Each line in the records below, from the one that contains "End DedekindLocal." to the one that contains "apply/eqP; apply: big1 => j _.", should be reproduced exactly, the first and last included.

(Stored data entries)
+ + + + +
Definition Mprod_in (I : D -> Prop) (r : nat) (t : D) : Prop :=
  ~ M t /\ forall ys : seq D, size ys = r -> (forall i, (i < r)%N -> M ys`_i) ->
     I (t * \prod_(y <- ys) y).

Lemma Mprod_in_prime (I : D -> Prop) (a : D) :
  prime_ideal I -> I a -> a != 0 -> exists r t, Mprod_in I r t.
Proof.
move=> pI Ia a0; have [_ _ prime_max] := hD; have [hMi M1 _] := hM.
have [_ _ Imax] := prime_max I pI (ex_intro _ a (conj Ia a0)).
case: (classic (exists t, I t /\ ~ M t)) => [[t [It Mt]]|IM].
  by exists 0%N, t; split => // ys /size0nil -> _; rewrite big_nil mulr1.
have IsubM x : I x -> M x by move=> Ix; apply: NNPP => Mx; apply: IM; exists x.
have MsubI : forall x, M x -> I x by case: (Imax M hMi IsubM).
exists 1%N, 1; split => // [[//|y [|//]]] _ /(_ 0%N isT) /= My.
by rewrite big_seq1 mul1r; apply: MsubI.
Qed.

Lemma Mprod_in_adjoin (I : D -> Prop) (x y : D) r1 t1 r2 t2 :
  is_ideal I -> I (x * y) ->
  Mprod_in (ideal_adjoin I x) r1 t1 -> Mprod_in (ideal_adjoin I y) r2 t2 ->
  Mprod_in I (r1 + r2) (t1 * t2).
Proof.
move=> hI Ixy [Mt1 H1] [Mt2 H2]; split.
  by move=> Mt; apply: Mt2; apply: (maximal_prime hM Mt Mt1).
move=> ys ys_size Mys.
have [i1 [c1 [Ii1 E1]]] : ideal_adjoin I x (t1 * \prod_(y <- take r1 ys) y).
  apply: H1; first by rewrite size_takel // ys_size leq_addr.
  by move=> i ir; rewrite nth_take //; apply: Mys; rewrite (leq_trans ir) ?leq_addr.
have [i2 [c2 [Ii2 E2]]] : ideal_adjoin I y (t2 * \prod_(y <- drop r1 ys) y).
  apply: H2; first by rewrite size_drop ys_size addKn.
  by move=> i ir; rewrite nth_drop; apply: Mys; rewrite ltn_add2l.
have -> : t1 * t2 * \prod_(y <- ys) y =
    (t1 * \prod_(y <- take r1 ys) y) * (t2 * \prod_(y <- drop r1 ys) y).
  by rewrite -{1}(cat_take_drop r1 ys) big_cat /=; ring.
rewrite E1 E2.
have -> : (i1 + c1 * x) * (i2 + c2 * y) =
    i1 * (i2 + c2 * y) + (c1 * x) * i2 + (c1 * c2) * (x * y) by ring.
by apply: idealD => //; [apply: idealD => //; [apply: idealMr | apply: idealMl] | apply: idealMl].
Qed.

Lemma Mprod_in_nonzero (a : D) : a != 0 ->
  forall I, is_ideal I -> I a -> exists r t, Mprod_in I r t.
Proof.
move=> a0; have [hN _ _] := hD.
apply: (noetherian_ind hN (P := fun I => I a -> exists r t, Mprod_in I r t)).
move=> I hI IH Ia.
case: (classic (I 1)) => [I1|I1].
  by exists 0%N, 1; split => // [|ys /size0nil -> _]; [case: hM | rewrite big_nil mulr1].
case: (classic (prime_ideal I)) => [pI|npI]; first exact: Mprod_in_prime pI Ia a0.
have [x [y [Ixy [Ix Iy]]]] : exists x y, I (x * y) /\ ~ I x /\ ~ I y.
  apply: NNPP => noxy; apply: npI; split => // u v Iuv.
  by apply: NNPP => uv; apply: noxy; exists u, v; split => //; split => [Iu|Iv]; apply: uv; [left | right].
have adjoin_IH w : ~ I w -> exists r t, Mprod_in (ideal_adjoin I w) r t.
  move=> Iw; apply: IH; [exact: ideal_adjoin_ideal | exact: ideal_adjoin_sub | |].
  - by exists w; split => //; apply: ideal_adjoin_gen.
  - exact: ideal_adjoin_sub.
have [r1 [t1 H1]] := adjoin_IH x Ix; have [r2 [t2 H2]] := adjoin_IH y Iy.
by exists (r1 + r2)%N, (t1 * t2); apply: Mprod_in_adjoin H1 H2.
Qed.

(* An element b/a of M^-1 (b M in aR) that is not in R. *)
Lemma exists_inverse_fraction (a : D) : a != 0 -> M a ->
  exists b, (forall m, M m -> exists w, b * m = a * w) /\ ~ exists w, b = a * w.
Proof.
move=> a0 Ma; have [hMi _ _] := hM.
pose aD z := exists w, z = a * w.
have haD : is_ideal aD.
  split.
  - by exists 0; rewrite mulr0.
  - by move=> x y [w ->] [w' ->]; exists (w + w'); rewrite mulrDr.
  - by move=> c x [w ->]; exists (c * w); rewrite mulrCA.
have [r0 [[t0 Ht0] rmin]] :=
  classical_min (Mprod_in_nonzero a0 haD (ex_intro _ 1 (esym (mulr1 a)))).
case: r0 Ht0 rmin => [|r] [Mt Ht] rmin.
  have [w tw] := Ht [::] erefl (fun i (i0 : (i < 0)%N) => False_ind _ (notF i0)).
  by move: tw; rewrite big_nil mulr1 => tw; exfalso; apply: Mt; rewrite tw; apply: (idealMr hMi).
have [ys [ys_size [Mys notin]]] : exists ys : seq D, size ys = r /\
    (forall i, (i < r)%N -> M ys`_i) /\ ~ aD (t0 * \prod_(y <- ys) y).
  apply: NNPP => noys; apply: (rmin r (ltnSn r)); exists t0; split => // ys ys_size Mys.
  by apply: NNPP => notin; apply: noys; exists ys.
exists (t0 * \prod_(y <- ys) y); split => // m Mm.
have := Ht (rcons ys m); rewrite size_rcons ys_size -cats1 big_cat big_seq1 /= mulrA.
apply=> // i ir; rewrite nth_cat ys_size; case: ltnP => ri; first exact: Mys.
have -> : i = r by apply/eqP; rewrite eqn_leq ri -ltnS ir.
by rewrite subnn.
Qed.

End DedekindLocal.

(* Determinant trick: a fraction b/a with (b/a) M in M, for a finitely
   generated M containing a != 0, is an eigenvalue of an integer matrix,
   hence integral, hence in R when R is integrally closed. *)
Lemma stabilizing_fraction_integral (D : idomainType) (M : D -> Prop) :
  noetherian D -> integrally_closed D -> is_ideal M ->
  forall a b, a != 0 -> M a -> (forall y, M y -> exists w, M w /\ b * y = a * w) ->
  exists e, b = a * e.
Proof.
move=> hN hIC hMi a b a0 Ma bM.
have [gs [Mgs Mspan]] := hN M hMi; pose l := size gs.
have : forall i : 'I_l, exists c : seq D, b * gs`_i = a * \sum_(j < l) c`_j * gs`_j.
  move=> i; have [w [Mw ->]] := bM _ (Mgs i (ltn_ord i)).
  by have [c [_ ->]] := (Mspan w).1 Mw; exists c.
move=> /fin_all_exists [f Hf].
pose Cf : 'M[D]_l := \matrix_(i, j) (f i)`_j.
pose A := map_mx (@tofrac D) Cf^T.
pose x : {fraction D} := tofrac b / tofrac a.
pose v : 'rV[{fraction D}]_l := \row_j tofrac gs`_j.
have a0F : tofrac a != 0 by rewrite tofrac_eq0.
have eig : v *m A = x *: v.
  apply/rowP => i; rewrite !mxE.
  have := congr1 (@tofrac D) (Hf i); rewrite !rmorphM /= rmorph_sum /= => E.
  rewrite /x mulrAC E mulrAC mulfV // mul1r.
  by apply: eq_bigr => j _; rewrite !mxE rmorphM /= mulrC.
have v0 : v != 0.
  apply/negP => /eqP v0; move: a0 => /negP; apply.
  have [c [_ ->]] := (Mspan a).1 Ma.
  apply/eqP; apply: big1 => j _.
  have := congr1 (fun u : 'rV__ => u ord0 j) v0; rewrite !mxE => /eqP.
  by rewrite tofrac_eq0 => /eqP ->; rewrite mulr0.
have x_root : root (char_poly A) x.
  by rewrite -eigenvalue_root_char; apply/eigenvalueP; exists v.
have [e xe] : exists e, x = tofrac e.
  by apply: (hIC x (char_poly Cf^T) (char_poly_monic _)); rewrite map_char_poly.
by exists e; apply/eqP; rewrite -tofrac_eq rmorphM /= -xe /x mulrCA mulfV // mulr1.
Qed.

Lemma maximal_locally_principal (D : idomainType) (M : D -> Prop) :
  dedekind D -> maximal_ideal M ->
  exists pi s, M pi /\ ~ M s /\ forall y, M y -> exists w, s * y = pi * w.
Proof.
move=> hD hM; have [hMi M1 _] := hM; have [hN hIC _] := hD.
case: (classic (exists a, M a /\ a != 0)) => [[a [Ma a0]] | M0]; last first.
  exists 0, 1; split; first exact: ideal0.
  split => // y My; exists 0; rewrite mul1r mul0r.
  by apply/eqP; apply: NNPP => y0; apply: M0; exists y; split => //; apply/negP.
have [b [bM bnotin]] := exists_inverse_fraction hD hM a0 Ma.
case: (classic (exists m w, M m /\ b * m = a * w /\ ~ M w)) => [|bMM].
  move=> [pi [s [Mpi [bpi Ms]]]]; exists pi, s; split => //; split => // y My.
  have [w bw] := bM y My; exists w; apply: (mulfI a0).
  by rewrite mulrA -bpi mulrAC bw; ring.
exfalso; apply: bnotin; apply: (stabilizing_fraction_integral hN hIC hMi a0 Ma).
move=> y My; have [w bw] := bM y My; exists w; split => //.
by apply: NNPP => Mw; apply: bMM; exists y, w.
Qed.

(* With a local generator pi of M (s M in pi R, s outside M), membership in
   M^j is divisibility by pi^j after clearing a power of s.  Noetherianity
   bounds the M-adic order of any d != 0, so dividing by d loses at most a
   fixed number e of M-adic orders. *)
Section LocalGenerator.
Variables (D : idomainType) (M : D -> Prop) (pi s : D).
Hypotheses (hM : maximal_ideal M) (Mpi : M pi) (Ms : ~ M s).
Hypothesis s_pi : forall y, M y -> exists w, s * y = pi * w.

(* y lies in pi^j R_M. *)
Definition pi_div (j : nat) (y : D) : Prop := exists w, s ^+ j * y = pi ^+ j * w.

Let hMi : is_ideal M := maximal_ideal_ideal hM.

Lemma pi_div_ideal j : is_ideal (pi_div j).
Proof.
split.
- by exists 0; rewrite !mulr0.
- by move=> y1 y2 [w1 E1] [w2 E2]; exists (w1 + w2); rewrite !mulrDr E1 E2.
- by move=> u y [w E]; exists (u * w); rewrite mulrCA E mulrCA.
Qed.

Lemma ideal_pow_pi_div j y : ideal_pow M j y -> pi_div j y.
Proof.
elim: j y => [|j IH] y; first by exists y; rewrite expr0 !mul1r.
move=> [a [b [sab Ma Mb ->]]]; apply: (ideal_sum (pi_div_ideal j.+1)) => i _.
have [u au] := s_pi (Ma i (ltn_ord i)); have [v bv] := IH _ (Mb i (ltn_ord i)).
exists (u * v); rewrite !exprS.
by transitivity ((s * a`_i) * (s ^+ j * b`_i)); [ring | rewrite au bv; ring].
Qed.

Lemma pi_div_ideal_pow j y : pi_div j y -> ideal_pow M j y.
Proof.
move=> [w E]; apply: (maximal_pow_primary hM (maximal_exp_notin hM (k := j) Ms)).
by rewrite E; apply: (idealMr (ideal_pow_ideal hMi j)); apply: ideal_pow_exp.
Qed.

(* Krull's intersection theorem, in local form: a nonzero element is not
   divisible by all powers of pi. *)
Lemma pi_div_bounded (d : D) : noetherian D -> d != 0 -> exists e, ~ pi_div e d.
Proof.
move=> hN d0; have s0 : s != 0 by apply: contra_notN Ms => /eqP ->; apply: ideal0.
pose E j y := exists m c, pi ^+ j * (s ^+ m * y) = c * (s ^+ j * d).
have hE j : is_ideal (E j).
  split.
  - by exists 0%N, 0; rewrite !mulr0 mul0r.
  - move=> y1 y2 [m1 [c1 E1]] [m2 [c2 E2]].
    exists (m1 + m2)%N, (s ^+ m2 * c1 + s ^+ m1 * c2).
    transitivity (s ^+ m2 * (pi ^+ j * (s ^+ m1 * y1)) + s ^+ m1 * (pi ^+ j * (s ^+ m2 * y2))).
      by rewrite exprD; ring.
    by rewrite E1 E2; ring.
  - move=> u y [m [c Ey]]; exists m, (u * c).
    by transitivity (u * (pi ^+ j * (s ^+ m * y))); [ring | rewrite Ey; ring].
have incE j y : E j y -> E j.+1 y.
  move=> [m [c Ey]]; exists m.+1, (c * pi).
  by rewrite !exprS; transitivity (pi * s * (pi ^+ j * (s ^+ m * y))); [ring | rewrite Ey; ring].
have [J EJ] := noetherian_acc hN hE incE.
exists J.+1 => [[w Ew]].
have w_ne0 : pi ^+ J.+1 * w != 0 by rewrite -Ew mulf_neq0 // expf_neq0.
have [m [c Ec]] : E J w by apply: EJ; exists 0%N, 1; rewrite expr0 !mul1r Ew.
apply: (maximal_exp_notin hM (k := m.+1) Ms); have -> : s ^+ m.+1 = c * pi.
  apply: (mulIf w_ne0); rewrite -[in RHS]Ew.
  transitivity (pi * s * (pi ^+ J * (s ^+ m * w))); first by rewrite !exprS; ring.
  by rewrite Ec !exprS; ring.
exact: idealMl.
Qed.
+ + + + +
* SOLVED PROBLEM *
End DedekindLocal.

(* Determinant trick: a fraction b/a with (b/a) M in M, for a finitely
   generated M containing a != 0, is an eigenvalue of an integer matrix,
   hence integral, hence in R when R is integrally closed. *)
Lemma stabilizing_fraction_integral (D : idomainType) (M : D -> Prop) :
  noetherian D -> integrally_closed D -> is_ideal M ->
  forall a b, a != 0 -> M a -> (forall y, M y -> exists w, M w /\ b * y = a * w) ->
  exists e, b = a * e.
Proof.
move=> hN hIC hMi a b a0 Ma bM.
have [gs [Mgs Mspan]] := hN M hMi; pose l := size gs.
have : forall i : 'I_l, exists c : seq D, b * gs`_i = a * \sum_(j < l) c`_j * gs`_j.
  move=> i; have [w [Mw ->]] := bM _ (Mgs i (ltn_ord i)).
  by have [c [_ ->]] := (Mspan w).1 Mw; exists c.
move=> /fin_all_exists [f Hf].
pose Cf : 'M[D]_l := \matrix_(i, j) (f i)`_j.
pose A := map_mx (@tofrac D) Cf^T.
pose x : {fraction D} := tofrac b / tofrac a.
pose v : 'rV[{fraction D}]_l := \row_j tofrac gs`_j.
have a0F : tofrac a != 0 by rewrite tofrac_eq0.
have eig : v *m A = x *: v.
  apply/rowP => i; rewrite !mxE.
  have := congr1 (@tofrac D) (Hf i); rewrite !rmorphM /= rmorph_sum /= => E.
  rewrite /x mulrAC E mulrAC mulfV // mul1r.
  by apply: eq_bigr => j _; rewrite !mxE rmorphM /= mulrC.
have v0 : v != 0.
  apply/negP => /eqP v0; move: a0 => /negP; apply.
  have [c [_ ->]] := (Mspan a).1 Ma.
  apply/eqP; apply: big1 => j _.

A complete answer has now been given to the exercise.